The flood of negative figures has led European markets to lose ground and forced analysts to revise growth forecasts for the EZ. The main European indexes registered falls close to 1.5% and most economists downgraded expectations for Q3. The most optimistic foresee a 0.1% growth whereas more gloomy forecasters estimate a figure of 0% or worse.
The decline in confidence has been significant in Germany (1.1% points), The Netherlands (1.2%), France (1.6%), while sentiment rose slightly in Italy (0.1%), the other economy driving the EZ. Bucking the trend Spain showed a 1.3% improvement in September, although its confidence index remains below the EZ average (84.1 points).
The survey demonstrates a notable and worrying fall of industrial sector confidence, which began in the first months of the year due to deterioration in exports.

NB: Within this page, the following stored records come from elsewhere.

Lemma ex_RInt_pv_pieces (f : R -> R) e : (forall s, continuous f s) -> 0 < e ->
  ex_RInt (fun s => f s / (s - x)) (-1) (x - e) /\
  ex_RInt (fun s => f s / (s - x)) (x + e) 1.
Proof.
  intros Hf He. split; apply ex_RInt_div_sub; auto; intros s Hs.
  - pose proof (Rmax_lub_lt (-1) (x - e) x ltac:(lra) ltac:(lra)); lra.
  - pose proof (Rmin_glb_lt (x + e) 1 x ltac:(lra) ltac:(lra)); lra.
Qed.

Lemma is_CPV_plus (f g : R -> R) A B :
  (forall s, continuous f s) -> (forall s, continuous g s) ->
  is_CPV f x A -> is_CPV g x B -> is_CPV (fun s => f s + g s) x (A + B).
Proof.
  intros Hf Hg HA HB.
  apply filterlim_ext_loc with (fun e => pv_trunc f x e + pv_trunc g x e).
  - apply filter_imp with (fun e => 0 < e < 1); [|apply at_right_0_lt; lra].
    intros e He. unfold pv_trunc.
    destruct (ex_RInt_pv_pieces f e Hf ltac:(lra)) as [Hf1 Hf2].
    destruct (ex_RInt_pv_pieces g e Hg ltac:(lra)) as [Hg1 Hg2].
    rewrite !(RInt_ext (fun s => (f s + g s) / (s - x))
                       (fun s => plus (f s / (s - x)) (g s / (s - x))))
      by (intros; unfold plus; simpl; unfold Rdiv; ring).
    rewrite !(RInt_plus (V := R_CompleteNormedModule)) by assumption.
    unfold plus; simpl; ring.
  - apply (filterlim_comp_2 _ _ Rplus HA HB).
    apply (filterlim_plus (K := R_AbsRing) (V := R_NormedModule)).
Qed.

Lemma is_CPV_scal (f : R -> R) c A : (forall s, continuous f s) ->
  is_CPV f x A -> is_CPV (fun s => c * f s) x (c * A).
Proof.
  intros Hf HA.
  apply filterlim_ext_loc with (fun e => c * pv_trunc f x e).
  - apply filter_imp with (fun e => 0 < e < 1); [|apply at_right_0_lt; lra].
    intros e He. unfold pv_trunc.
    destruct (ex_RInt_pv_pieces f e Hf ltac:(lra)) as [Hf1 Hf2].
    rewrite !(RInt_ext (fun s => c * f s / (s - x)) (fun s => scal c (f s / (s - x))))
      by (intros; unfold scal; simpl; unfold mult; simpl; unfold Rdiv; ring).
    rewrite !(RInt_scal (V := R_CompleteNormedModule)) by assumption.
    unfold scal; simpl; unfold mult; simpl; ring.
  - exact (filterlim_comp _ _ _ _ (fun z => scal c z) _ _ _ HA (filterlim_scal_r c A)).
Qed.

Lemma is_CPV_ext (f g : R -> R) A : (forall s, -1 < s < 1 -> f s = g s) ->
  is_CPV f x A -> is_CPV g x A.
Proof.
  intros Hfg HA. apply filterlim_ext_loc with (fun e => pv_trunc f x e); [|exact HA].
  apply filter_imp with (fun e => 0 < e < Rmin (1 - x) (1 + x));
    [|apply at_right_0_lt, Rmin_glb_lt; lra].
  intros e He. pose proof (Rmin_l (1 - x) (1 + x)). pose proof (Rmin_r (1 - x) (1 + x)).
  unfold pv_trunc. f_equal; apply RInt_ext; intros s Hs;
    rewrite Rmin_left, Rmax_right in Hs by lra; rewrite Hfg; auto; lra.
Qed.

Lemma is_CPV_mul_sub (g : R -> R) I : (forall s, continuous g s) ->
  is_RInt g (-1) 1 I -> is_CPV (fun s => (s - x) * g s) x I.
Proof.
  intros Hg HI.
  assert (Hex : forall a b, ex_RInt g a b)
    by (intros; apply (ex_RInt_continuous (V := R_CompleteNormedModule)); intros; apply Hg).
  set (J := fun u => RInt g (-1) u).
  assert (HJ : forall u, continuous J u).
  { intros u. apply (ex_derive_continuous (V := R_NormedModule)). eexists.
    apply is_derive_RInt with (-1); [|apply Hg].
    apply filter_forall. intros v. apply (RInt_correct (V := R_CompleteNormedModule)), Hex. }
  apply filterlim_ext_loc with (fun e => J (x - e) + (J 1 - J (x + e))).
  - apply filter_imp with (fun e => 0 < e < 1); [|apply at_right_0_lt; lra].
    intros e He.
    assert (HJ1 : J 1 - J (x + e) = RInt g (x + e) 1).
    { unfold J. rewrite <- (RInt_Chasles (V := R_CompleteNormedModule) g (-1) (x + e) 1)
        by apply Hex. unfold plus; simpl; ring. }
    rewrite HJ1. unfold pv_trunc, J.
    f_equal; apply RInt_ext; intros s Hs; simpl; field.
    + pose proof (Rmax_lub_lt (-1) (x - e) x ltac:(lra) ltac:(lra)); lra.
    + pose proof (Rmin_glb_lt (x + e) 1 x ltac:(lra) ltac:(lra)); lra.
  - replace I with ((fun e => J (x - e) + (J 1 - J (x + e))) 0)
      by (cbv beta; rewrite Rminus_0_r, Rplus_0_r; unfold J;
          rewrite (is_RInt_unique _ _ _ _ HI); ring).
    apply filterlim_at_right_continuous.
    apply (continuous_plus (fun e => J (x - e))).
    + apply continuous_comp; [apply continuity_pt_filterlim; reg | apply HJ].
    + apply (continuous_minus (fun _ => J 1)); [apply continuous_const|].
      apply continuous_comp; [apply continuity_pt_filterlim; reg | apply HJ].
Qed.

Lemma is_CPV_mul_id (g : R -> R) A I : (forall s, continuous g s) ->
  is_CPV g x A -> is_RInt g (-1) 1 I -> is_CPV (fun s => s * g s) x (I + x * A).
Proof.
  intros Hg HA HI.
  apply (is_CPV_ext (fun s => (s - x) * g s + x * g s)); [intros; ring|].
  apply is_CPV_plus; auto.
  - intros s. apply (continuous_mult (fun s => s - x) g);
      [apply continuity_pt_filterlim; reg | apply Hg].
  - intros s. apply (continuous_mult (fun _ => x) g); [apply continuous_const | apply Hg].
  - now apply is_CPV_mul_sub.
  - now apply is_CPV_scal.
Qed.

Lemma is_CPV_sum (F : nat -> R -> R) (c v : nat -> R) N :
  (forall j s, continuous (F j) s) -> (forall j, is_CPV (F j) x (v j)) ->
  is_CPV (fun s => sum_f_R0 (fun j => c j * F j s) N) x (sum_f_R0 (fun j => c j * v j) N).
Proof.
  intros HF Hv.
  assert (HcF : forall j s, continuous (fun s => c j * F j s) s).
  { intros j s. apply (continuous_mult (fun _ => c j) (F j)); [apply continuous_const | apply HF]. }
  induction N as [|N IH]; [now apply is_CPV_scal|].
  apply (is_CPV_plus (fun s => sum_f_R0 (fun j => c j * F j s) N)
                     (fun s => c (S N) * F (S N) s)).
  - intros s. now apply continuous_sum_f_R0.
  - apply HcF.
  - exact IH.
  - now apply is_CPV_scal.
Qed.

Lemma is_CPV_recurrence (f g : R -> R) a b A B I :
  (forall s, continuous f s) -> (forall s, continuous g s) ->
  is_CPV g x A -> is_CPV f x B -> is_RInt g (-1) 1 I ->
  is_CPV (fun s => a * (s * g s) + b * f s) x (a * (I + x * A) + b * B).
Proof.
  intros Hf Hg HA HB HI.
  assert (Hsg : forall s, continuous (fun s => s * g s) s)
    by (intros s; apply (continuous_mult (fun s => s) g); [apply continuous_id | apply Hg]).
  apply is_CPV_plus.
  - intros s. apply (continuous_mult (fun _ => a)); [apply continuous_const | apply Hsg].
  - intros s. apply (continuous_mult (fun _ => b)); [apply continuous_const | apply Hf].
  - apply is_CPV_scal; [exact Hsg | now apply is_CPV_mul_id].
  - now apply is_CPV_scal.
Qed.

End PrincipalValue.

Lemma sin_INR_PI n : sin (INR n * PI) = 0.
Proof. apply sin_eq_0_1. exists (Z.of_nat n). now rewrite <- INR_IZR_INZ. Qed.

Lemma sin_add_three_term u t : sin (u + t) = 2 * cos t * sin u - sin (u - t).
Proof. rewrite sin_plus, sin_minus. ring. Qed.

Lemma cos_add_three_term u t : cos (u + t) = 2 * cos t * cos u - cos (u - t).
Proof. rewrite cos_plus, cos_minus. ring. Qed.

Lemma chebT_rec k x : -1 <= x <= 1 ->
  chebT (S (S k)) x = 2 * x * chebT (S k) x - chebT k x.
Proof.
  intros Hx. unfold chebT. rewrite !S_INR.
  replace ((INR k + 1 + 1) * acos x) with ((INR k + 1) * acos x + acos x) by ring.
  replace (INR k * acos x) with ((INR k + 1) * acos x - acos x) by ring.
  rewrite cos_add_three_term, cos_acos by lra. ring.
Qed.

Lemma is_derive_chebT k x : -1 < x < 1 -> is_derive (chebT (S k)) x (INR (S k) * chebU k x).
Proof.
  intros Hx.
  pose proof (sin_acos_pos x Hx) as Hsin.
  assert (Hcos : is_derive (fun t => cos (INR (S k) * t)) (acos x)
                   (- INR (S k) * sin (INR (S k) * acos x))).
  { generalize (INR (S k)); intros K. auto_derive; [exact I | ring]. }
  replace (INR (S k) * chebU k x)
    with (scal (-1 / sin (acos x)) (- INR (S k) * sin (INR (S k) * acos x))).
  - exact (is_derive_comp _ _ _ _ _ Hcos (is_derive_acos x Hx)).
  - rewrite S_INR. unfold chebU, scal; simpl; unfold mult; simpl. field. lra.
Qed.

(* [sqrt (1 - s^2) * U_k(s)], written so that it is continuous on all of R. *)
Definition wchebU (k : nat) (s : R) : R := sin ((INR k + 1) * acos s).

Lemma continuous_wchebU k s : continuous (wchebU k) s.
Proof.
  apply (continuous_comp acos (fun t => sin ((INR k + 1) * t))); [apply continuous_acos|].
  apply continuity_pt_filterlim; reg.
Qed.

Lemma wchebU_0 s : -1 <= s <= 1 -> wchebU 0 s = sqrt (1 - s ^ 2).
Proof.
  intros Hs. unfold wchebU. rewrite Rplus_0_l, Rmult_1_l, sin_acos by lra.
  unfold Rsqr. f_equal; ring.
Qed.

Lemma wchebU_1 s : -1 <= s <= 1 -> wchebU 1 s = 2 * s * wchebU 0 s.
Proof.
  intros Hs. unfold wchebU.
  replace ((INR 1 + 1) * acos s) with (2 * acos s) by (simpl; ring).
  rewrite sin_2a, cos_acos by lra. simpl INR. rewrite Rplus_0_l, Rmult_1_l. ring.
Qed.

Lemma wchebU_rec k s : -1 <= s <= 1 ->
  wchebU (S (S k)) s = 2 * s * wchebU (S k) s - wchebU k s.
Proof.
  intros Hs. unfold wchebU. rewrite !S_INR.
  replace ((INR k + 1 + 1 + 1) * acos s) with ((INR k + 1 + 1) * acos s + acos s) by ring.
  replace ((INR k + 1) * acos s) with ((INR k + 1 + 1) * acos s - acos s) by ring.
  rewrite sin_add_three_term, cos_acos by lra. ring.
Qed.

Lemma is_RInt_wchebU k (G : R -> R) :
  (forall t, is_derive G t ((cos ((INR k + 2) * t) - cos (INR k * t)) / 2)) ->
  is_RInt (wchebU k) (-1) 1 (G 0 - G PI).
Proof.
  intros HG.
  replace (G 0 - G PI) with (G (acos 1) - G (acos (-1)))
    by (rewrite acos_1, acos_m1; reflexivity).
  apply (is_RInt_derive_interior (fun s => G (acos s))); [lra| | |intros; apply continuous_wchebU].
  - intros s _. apply (continuous_comp acos G); [apply continuous_acos|].
    apply (ex_derive_continuous (V := R_NormedModule)). eexists. apply HG.
  - intros s Hs.
    pose proof (sin_acos_pos s Hs) as Hsin.
    replace (wchebU k s) with (scal (-1 / sin (acos s))
                                ((cos ((INR k + 2) * acos s) - cos (INR k * acos s)) / 2)).
    + exact (is_derive_comp _ _ _ _ _ (HG (acos s)) (is_derive_acos s Hs)).
    + unfold wchebU, scal; simpl; unfold mult; simpl.
      (* cos (k t) - cos ((k+2) t) = 2 sin ((k+1) t) sin t *)
      replace ((INR k + 2) * acos s) with ((INR k + 1) * acos s + acos s) by ring.
      replace (INR k * acos s) with ((INR k + 1) * acos s - acos s) by ring.
      rewrite cos_plus, cos_minus. field. lra.
Qed.

Lemma is_RInt_wchebU_0 : is_RInt (wchebU 0) (-1) 1 (PI / 2).
Proof.
  set (G := fun t => (sin (2 * t) / 2 - t) / 2).
  replace (PI / 2) with (G 0 - G PI) by (unfold G; rewrite Rmult_0_r, sin_0, sin_2PI; field).
  apply is_RInt_wchebU. intros t. unfold G. auto_derive; [exact I|].
  simpl INR. rewrite Rmult_0_l, cos_0, Rplus_0_l. lra.
Qed.

Lemma is_RInt_wchebU_S k : is_RInt (wchebU (S k)) (-1) 1 0.
Proof.
  set (a := INR (S k)). set (b := INR (S (S (S k)))).
  assert (Ha : a <> 0) by (apply not_0_INR; lia).
  assert (Hb : b <> 0) by (apply not_0_INR; lia).
  set (G := fun t => (sin (b * t) / b - sin (a * t) / a) / 2).
  assert (HG : G 0 - G PI = 0)
    by (unfold G, a, b; rewrite !Rmult_0_r, sin_0, !sin_INR_PI; unfold Rdiv; ring).
  rewrite <- HG. apply is_RInt_wchebU. intros t.
  replace (INR (S k) + 2) with b by (unfold b; rewrite !S_INR; ring).
  fold a. unfold G. clearbody a b. auto_derive; [exact I|]. field; auto.
Qed.

(* With [c = sqrt (1 - x^2)], [c * ln |s - x| + wchebU0_primitive x s] is a
   primitive of [sqrt (1 - s^2) / (s - x)] on either side of [x]. *)
Definition wchebU0_primitive (x s : R) : R :=
  - sqrt (1 - x ^ 2) * ln (1 - x * s + sqrt (1 - x ^ 2) * sqrt (1 - s ^ 2))
  + sqrt (1 - s ^ 2) + x * acos s.

Lemma wchebU0_primitive_ln_arg_pos x s : -1 < x < 1 -> -1 <= s <= 1 ->
  0 < 1 - x * s + sqrt (1 - x ^ 2) * sqrt (1 - s ^ 2).
Proof.
  intros Hx Hs.
  assert (0 <= sqrt (1 - x ^ 2) * sqrt (1 - s ^ 2)) by (apply Rmult_le_pos; apply sqrt_pos).
  assert (x * s < 1) by (destruct (Rle_lt_dec 0 s); nra).
  lra.
Qed.

Lemma continuous_wchebU0_primitive x s : -1 < x < 1 -> -1 <= s <= 1 ->
  continuous (wchebU0_primitive x) s.
Proof.
  intros Hx Hs. unfold wchebU0_primitive.
  assert (Hsqrt : continuous (fun s => sqrt (1 - s ^ 2)) s)
    by (apply continuous_sqrt_comp, continuity_pt_filterlim; reg).
  apply (continuous_plus (fun s => _ + sqrt (1 - s ^ 2))).
  - apply (continuous_plus (fun s => - sqrt (1 - x ^ 2) * _)); [|exact Hsqrt].
    apply (continuous_mult (fun _ => - sqrt (1 - x ^ 2))); [apply continuous_const|].
    apply (continuous_comp (fun s => 1 - x * s + sqrt (1 - x ^ 2) * sqrt (1 - s ^ 2)) ln).
    + apply (continuous_plus (fun s => 1 - x * s)); [apply continuity_pt_filterlim; reg|].
      apply (continuous_mult (fun _ => sqrt (1 - x ^ 2))); [apply continuous_const | exact Hsqrt].
    + apply continuous_ln, wchebU0_primitive_ln_arg_pos; assumption.
  - apply (continuous_mult (fun _ => x)); [apply continuous_const | apply continuous_acos].
Qed.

Worse still, this drop in confidence now appears to have spread to the financial and services sector. Construction stands out as the only sector that is improving.
Experts forecast a slowing in the decline of exports thanks to Euro fall 10 bpdown EUR/USD since last June. The latest index release coincides with ECB President Mario Draghi´s pessimistic messages regarding EZ recovery. From “low inflation problems” we now have drastic action planned from the central bank, who will also seek structural reforms before moving ahead with fiscal incentives from governments.
The worsening landscape across the EZ compelled Spanish Finance Minister Luis de Guindos to alter his speech. From “Spain is the European economy growing the most” to “Spain is not immune to EZ slowing down”. Everything suggests the Government might soon cut back its GDP growth forecasts.